I have had a day having my apartment cleaned from from top to bottom, inside the wardrobes, drawers etc cleaned out, windows washed, even my door mat was washed... and for what???? I cannot see across the street for the flaming sand storm that is blowing.. the whole place will be covered in yellow dust in an hour .

Maiden


----------



## Veronica (Apr 5, 2008)

MaidenScotland said:


> I have had a day having my apartment cleaned from from top to bottom, inside the wardrobes, drawers etc cleaned out, windows washed, even my door mat was washed... and for what???? I cannot see across the street for the flaming sand storm that is blowing.. the whole place will be covered in yellow dust in an hour .
> 
> Maiden


Just you make sure you keep the darned stuff there and don't send it over to Cyprus.

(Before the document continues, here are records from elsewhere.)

Lemma mx_norm_commutator (R : realFieldType) n (K D : 'M[R]_n) :
  `|K *m D - D *m K| <= 2 * n%:R * `|K| * `|D|.
Proof.
rewrite (le_trans (ler_normB _ _)) // (le_trans (lerD (mx_norm_mul _ _) (mx_norm_mul _ _))) //.
by have -> : n%:R * `|K| * `|D| + n%:R * `|D| * `|K| = 2 * n%:R * `|K| * `|D| by ring.
Qed.

Lemma nSSP_near (R : realType) n (A B : 'M[R]_n) (r : R) :
  nSSP A -> (forall i j, (B i j == 0) = (A i j == 0)) -> `|B - A| <= r ->
  2 * n%:R ^+ 3 * transv_rinv_bound A * r < 1 -> nSSP B.
Proof.
move=> A_nSSP sameZ BAr small X hadX commX.
set c := transv_rinv_bound A; set D := B - A.
set Z := transv_rinv A X; set K := rsubmx Z.
(* Write X = transv (Y, K); against X, the pattern part and [K, B] vanish, leaving [K, B - A]. *)
have XE : X = supp_mask A (lsubmx Z) + (K *m B - B *m K) - (K *m D - D *m K).
  rewrite -{1}(transv_rinvK X (transv_full A_nSSP)) /transv /D mulmxBr mulmxBl.
  by apply/matrixP => i j; rewrite !mxE; ring.
have mask_perp : mxdot (supp_mask A (lsubmx Z)) X = 0.
  rewrite mxdot_supp_mask.
  have -> : supp_mask A X = supp_mask B X by apply/matrixP => i j; rewrite !mxE sameZ.
  by rewrite (proj1 (hadamard_eq0 _ _) hadX) mxdot_trace trmx0 mulmx0 linear0.
have comm_perp : mxdot (K *m B - B *m K) X = 0.
  by rewrite mxdot_commutator commX mulmx0 linear0.
have XX : mxdot X X = - mxdot (K *m D - D *m K) X.
  by rewrite {1}XE mxdotBl mxdotDl mask_perp comm_perp add0r sub0r.
have K_le : `|K| <= c * `|X| := le_trans (mx_norm_rsubmx _) (mx_norm_transv_rinv _ _).
have comm_le : `|K *m D - D *m K| <= 2 * n%:R * (c * `|X|) * r.
  apply: le_trans (mx_norm_commutator K D) _.
  rewrite -[leLHS]mulrA -[leRHS]mulrA.
  by rewrite ler_wpM2l ?mulr_ge0 // ler_pM.
have X_le : `|X| ^+ 2 <= (2 * n%:R ^+ 3 * c * r) * `|X| ^+ 2.
  apply: le_trans (sqr_mx_norm_le_mxdot X) _; rewrite XX.
  apply: le_trans (ler_norm _) _; rewrite normrN.
  apply: le_trans (mx_norm_mxdot _ _) _.
  have -> : 2 * n%:R ^+ 3 * c * r * `|X| ^+ 2 =
      n%:R ^+ 2 * (2 * n%:R * (c * `|X|) * r) * `|X| by ring.
  by rewrite ler_wpM2r // ler_wpM2l.
have : `|X| ^+ 2 * (1 - 2 * n%:R ^+ 3 * c * r) <= 0.
  by rewrite mulrBr mulr1 subr_le0 mulrC.
rewrite pmulr_lle0 ?subr_gt0 // => X2_le0.
by apply/eqP; rewrite -normr_eq0 -sqrf_eq0 eq_le X2_le0 sqr_ge0.
Qed.

Section SimilarPerturbation.
Variables (R : realType) (n : nat) (A E : 'M[R]_n) (c m r : R).
Hypotheses (A_full : row_full (transv_mx A)) (c_ge1 : 1 <= c).
Hypothesis transv_rinv_le : forall W, `|transv_rinv A W| <= c * `|W|.
Hypotheses (m_ge1 : 1 <= m) (n_le_m : n%:R <= m).
Hypotheses (r_gt0 : 0 < r) (r_small : c * m * r <= 1 / 8).
Hypothesis E_small : c * m * `|E| <= r / 4.

Let c_ge0 : 0 <= c := le_trans ler01 c_ge1.
Let m_ge0 : 0 <= m := le_trans ler01 m_ge1.
Let r_le1 : r <= 1.
Proof.
have : r <= c * m * r by apply: ler_peMl; [exact: ltW | exact: mulr_ege1].
move: r_small; lra.
Qed.

Let mx_norm_mul_m (X Y : 'M[R]_n) : `|X *m Y| <= m * `|X| * `|Y|.
Proof.
apply: le_trans (mx_norm_mul X Y) _.
by rewrite -!mulrA ler_wpM2r ?mulr_ge0.
Qed.

(* A fixed point Z = row_mx Y K of F solves transv Z = E + E K - K D, with
   D = supp_mask A Y, i.e. (A + E) (1 + K) = (1 + K) (A + D). *)
Let F (Z : 'M[R]_(n, n + n)) :=
  transv_rinv A (E + E *m rsubmx Z - rsubmx Z *m supp_mask A (lsubmx Z)).

Let F_ball Z : `|Z| <= r -> `|F Z| <= r.
Proof.
move=> Zr; apply: le_trans (transv_rinv_le _) _.
have K_le : `|rsubmx Z| <= r := le_trans (mx_norm_rsubmx Z) Zr.
have Y_le : `|supp_mask A (lsubmx Z)| <= r.
  exact: le_trans (mx_norm_supp_mask _ _) (le_trans (mx_norm_lsubmx Z) Zr).
have W_le : `|E + E *m rsubmx Z - rsubmx Z *m supp_mask A (lsubmx Z)|
    <= `|E| + m * `|E| * r + m * r * r.
  rewrite (le_trans (ler_normB _ _)) // (le_trans (lerD (ler_normD _ _) (lexx _))) //.
  rewrite -!addrA lerD2l lerD //.
    by apply: le_trans (mx_norm_mul_m _ _) _; rewrite ler_wpM2l ?mulr_ge0.
  apply: le_trans (mx_norm_mul_m _ _) _.
  by rewrite -!mulrA ler_wpM2l // ler_pM.
apply: le_trans (ler_wpM2l c_ge0 W_le) _.
have cE_le : c * `|E| <= c * m * `|E| by rewrite -mulrA ler_wpM2l // ler_peMl.
have := ler_wpM2r (ltW r_gt0) E_small; have := ler_wpM2r (ltW r_gt0) r_small.
move: cE_le E_small r_le1 r_gt0; nra.
Qed.

Let F_lipschitz Z1 Z2 : `|Z1| <= r -> `|Z2| <= r ->
  `|F Z1 - F Z2| <= 2^-1 * `|Z1 - Z2|.
Proof.
move=> Z1r Z2r; rewrite /F -linearB /=; apply: le_trans (transv_rinv_le _) _.
set K1 := rsubmx Z1; set K2 := rsubmx Z2.
set Y1 := supp_mask A (lsubmx Z1); set Y2 := supp_mask A (lsubmx Z2).
set d := `|Z1 - Z2|.
have -> : E + E *m K1 - K1 *m Y1 - (E + E *m K2 - K2 *m Y2) =
    E *m (K1 - K2) - ((K1 - K2) *m Y1 + K2 *m (Y1 - Y2)).
  by rewrite !mulmxBr !mulmxBl; apply/matrixP => i j; rewrite !mxE; ring.
have dK_le : `|K1 - K2| <= d by rewrite -linearB mx_norm_rsubmx.
have dY_le : `|Y1 - Y2| <= d.
  by rewrite -linearB (le_trans (mx_norm_supp_mask _ _)) // -linearB mx_norm_lsubmx.
have K2_le : `|K2| <= r := le_trans (mx_norm_rsubmx Z2) Z2r.
have Y1_le : `|Y1| <= r.
  exact: le_trans (mx_norm_supp_mask _ _) (le_trans (mx_norm_lsubmx Z1) Z1r).
have W_le : `|E *m (K1 - K2) - ((K1 - K2) *m Y1 + K2 *m (Y1 - Y2))|
    <= m * `|E| * d + m * d * r + m * r * d.
  rewrite (le_trans (ler_normB _ _)) // (le_trans (lerD (lexx _) (ler_normD _ _))) //.
  rewrite addrA !lerD //; apply: le_trans (mx_norm_mul_m _ _) _.
  - by rewrite ler_wpM2l ?mulr_ge0.
  - by rewrite -!mulrA ler_wpM2l // ler_pM.
  - by rewrite -!mulrA ler_wpM2l // ler_pM.
apply: le_trans (ler_wpM2l c_ge0 W_le) _.
have := ler_wpM2r (normr_ge0 (Z1 - Z2)) E_small.
have := ler_wpM2r (normr_ge0 (Z1 - Z2)) r_small.
move: r_le1 r_gt0 (normr_ge0 (Z1 - Z2)); rewrite -/d; nra.
Qed.

Lemma similar_supp_perturbation :
  exists2 Y, `|Y| <= r & mx_similar (A + supp_mask A Y) (A + E).
Proof.
have half_bound : 0 <= (2^-1 : R) < 1 by apply/andP; split; lra.
have [Z Zr FZ] := @contraction_fixpoint_ball R 'M[R]_(n, n + n) F _ _
  r_gt0 half_bound F_ball F_lipschitz.
set K := rsubmx Z; set D := supp_mask A (lsubmx Z).
have transv_Z : D + K *m A - A *m K = E + E *m K - K *m D.
  by have := transv_rinvK (E + E *m K - K *m D) A_full; rewrite -/(F Z) FZ.
have conj : (A + E) *m (1%:M + K) = (1%:M + K) *m (A + D).
  apply/eqP; rewrite -subr_eq0.
  have -> : (A + E) *m (1%:M + K) - (1%:M + K) *m (A + D) =
      (E + E *m K - K *m D) - (D + K *m A - A *m K).
    by rewrite !mulmxDr !mulmxDl !mulmx1 !mul1mx; apply/matrixP => i j; rewrite !mxE; ring.
  by rewrite transv_Z subrr.
have K_unit : 1%:M + K \in unitmx.
  apply: unitmx1D; have K_le : `|K| <= r := le_trans (mx_norm_rsubmx Z) Zr.
  have := ler_pM (ler0n _ n) (normr_ge0 K) n_le_m K_le.
  have : m * r <= c * m * r.
    by rewrite -mulrA; apply: ler_peMl => //; rewrite mulr_ge0 // ltW.
  move: r_small; lra.
exists (lsubmx Z); first exact: le_trans (mx_norm_lsubmx Z) Zr.
exists (invmx (1%:M + K)); split; first by rewrite unitmx_inv.
by rewrite invmxK -conj mulmxK.
Qed.

End SimilarPerturbation.

Section SignPattern.
Variables (R : realType) (n : nat) (P : 'I_n -> 'I_n -> sgn).
Implicit Types A B Y : 'M[R]_n.

Definition min_nz_entry A : R :=
  \big[Num.min/1]_(ij : 'I_n * 'I_n) (if A ij.1 ij.2 == 0 then 1 else `|A ij.1 ij.2|).

Lemma min_nz_entry_gt0 A : 0 < min_nz_entry A.
Proof.
rewrite /min_nz_entry; elim/big_ind: _ => // [x y x0 y0|[i j] _ /=]; first by rewrite lt_min x0 y0.
by case: eqP => // /eqP; rewrite normr_gt0.
Qed.

Lemma min_nz_entry_le A i j : A i j != 0 -> min_nz_entry A <= `|A i j|.
Proof. by move=> Aij0; rewrite /min_nz_entry (bigD1 (i, j)) //= (negbTE Aij0) ge_min lexx. Qed.

Lemma inQ_add_supp_mask A Y :
  inQ P A -> `|Y| < min_nz_entry A -> inQ P (A + supp_mask A Y).
Proof.
move=> AP Y_lt i j; have := AP i j; rewrite !mxE.
have Yij_lt : A i j != 0 -> `|Y i j| < `|A i j|.
  by move=> Aij0; rewrite (le_lt_trans (mx_norm_entry Y i j)) // (lt_le_trans Y_lt) ?min_nz_entry_le.
case: (P i j) => /= hA.
- have Aij0 := gt_eqF hA; rewrite Aij0.
  by move: (Yij_lt (negbT Aij0)); rewrite (gtr0_norm hA) ltr_norml => /andP[]; lra.
- have Aij0 := lt_eqF hA; rewrite Aij0.
  by move: (Yij_lt (negbT Aij0)); rewrite (ltr0_norm hA) ltr_norml => /andP[]; lra.
- by rewrite hA (eqP hA) addr0.
Qed.

Lemma inQ_eq0 A B i j : inQ P A -> inQ P B -> (B i j == 0) = (A i j == 0).
Proof.
move=> /(_ i j) AP /(_ i j) BP; move: AP BP.
by case: (P i j) => /= hA hB; rewrite ?(gt_eqF hA) ?(gt_eqF hB) ?(lt_eqF hA) ?(lt_eqF hB) ?hA ?hB.
Qed.

End SignPattern.

Lemma perturbation_radius (R : realFieldType) (c m k a : R) :
  1 <= c -> 1 <= m -> k <= m -> 0 < a ->
  exists2 r, [/\ 0 < r, r < a, c * m * r <= 1 / 8 & 2 * k * c * r < 1] &
    exists2 eps, 0 < eps & forall e, e < eps -> c * m * e <= r / 4.
Proof.
move=> c_ge1 m_ge1 k_le_m a_gt0.
have c_gt0 : 0 < c := lt_le_trans ltr01 c_ge1.
have cm_gt0 : 0 < c * m := lt_le_trans ltr01 (mulr_ege1 c_ge1 m_ge1).
have cm_neq0 : (m != 0) && (c != 0) by rewrite -negb_or -mulf_eq0 mulrC gt_eqF.
pose r := Num.min (8 * c * m)^-1 (a / 2).
have r_gt0 : 0 < r by rewrite lt_min invr_gt0 -mulrA mulr_gt0 ?divr_gt0.
have r_small : c * m * r <= 1 / 8.
  have r_le : r <= (8 * c * m)^-1 by rewrite ge_min lexx.
  apply: le_trans (ler_wpM2l (ltW cm_gt0) r_le) _.
  by have -> : c * m * (8 * c * m)^-1 = 1 / 8 by field.
exists r; first split=> //.
- by rewrite gt_min ltr_pdivrMr // ltr_pMr ?ltr1n ?orbT.
- have := ler_wpM2r (ltW (mulr_gt0 c_gt0 r_gt0)) k_le_m.
  have -> : 2 * k * c * r = 2 * (k * (c * r)) by ring.
  have : m * (c * r) = c * m * r by ring.
  move: r_small; lra.
exists (r / (4 * c * m)); first by rewrite divr_gt0 // -mulrA mulr_gt0.
move=> e /ltW e_lt; apply: le_trans (ler_wpM2l (ltW cm_gt0) e_lt) _.
by have -> : c * m * (r / (4 * c * m)) = r / 4 by field.
Qed.

Theorem theorem5p2 (R : realType) (n : nat) (P : 'I_n -> 'I_n -> sgn)
    (A : 'M[R]_n) :
  inQ P A -> nSSP A ->
  exists eps : R, 0 < eps /\
    forall M : 'M[R]_n, frob (M - A) < eps ->
      exists A' : 'M[R]_n, inQ P A' /\ mx_similar A' M /\ nSSP A'.
Proof.
move=> AP A_nSSP; have c_ge1 := transv_rinv_bound_ge1 A.
(* m bounds both the factor n of matrix products and the n^3 of [nSSP_near]. *)
pose m : R := (n%:R + 1) ^+ 3.
have m_ge1 : 1 <= m by rewrite exprn_ege1 // lerDr.
have n_le_m : n%:R <= m by rewrite (@le_trans _ _ (n%:R + 1)) ?lerDl // ler_eXnr // lerDr.
have n3_le_m : n%:R ^+ 3 <= m by rewrite lerXn2r ?nnegrE ?addr_ge0 // lerDl.
have [r [r_gt0 r_lt r_small r_nSSP] [eps eps_gt0 eps_small]] :=
  perturbation_radius c_ge1 m_ge1 n3_le_m (min_nz_entry_gt0 A).
exists eps; split=> // M M_near.
have E_small := eps_small _ (le_lt_trans (mx_norm_frob (M - A)) M_near).
have [Y Y_le] := similar_supp_perturbation (transv_full A_nSSP) c_ge1
  (mx_norm_transv_rinv A) m_ge1 n_le_m r_gt0 r_small E_small.
rewrite [A + (M - A)]addrC subrK => similar.
have A'P := inQ_add_supp_mask AP (le_lt_trans Y_le r_lt).
exists (A + supp_mask A Y); split=> //; split=> //.
apply: (nSSP_near (r := r)) A_nSSP (fun i j => inQ_eq0 i j AP A'P) _ r_nSSP.
by rewrite addrC addKr (le_trans (mx_norm_supp_mask _ _) Y_le).
Qed.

We often seem to get the tail end of your sandstorms


----------



## MaidenScotland (Jun 6, 2009)

If only we got the Cyprus tail end lol The storm is all around now and we have that eerie yellow glow that comes with it... I could say ... they can't even get the sandstorm season right hehe but I wont.

Maiden


----------



## Veronica (Apr 5, 2008)

MaidenScotland said:


> If only we got the Cyprus tail end lol The storm is all around now and we have that eerie yellow glow that comes with it... I could say ... they can't even get the sandstorm season right hehe but I wont.
> 
> Maiden


The weather is all to pot this year. I blame that darn volcano


----------



## Lanason (Sep 1, 2009)

*I blame*



Veronica said:


> The weather is all to pot this year. I blame that darn volcano


I blame all the hot air generated by Expats :behindsofa:
:boxing:


----------



## Veronica (Apr 5, 2008)

aqua said:


> I blame all the hot air generated by Expats :behindsofa:
> :boxing:


Speak for yourself


----------



## Elphaba (Jan 24, 2008)

You have my sympathies Maiden. Shamals are rubbish!

We have very high winds at the moment which are linked to the hurricane hitting Oman.

-


----------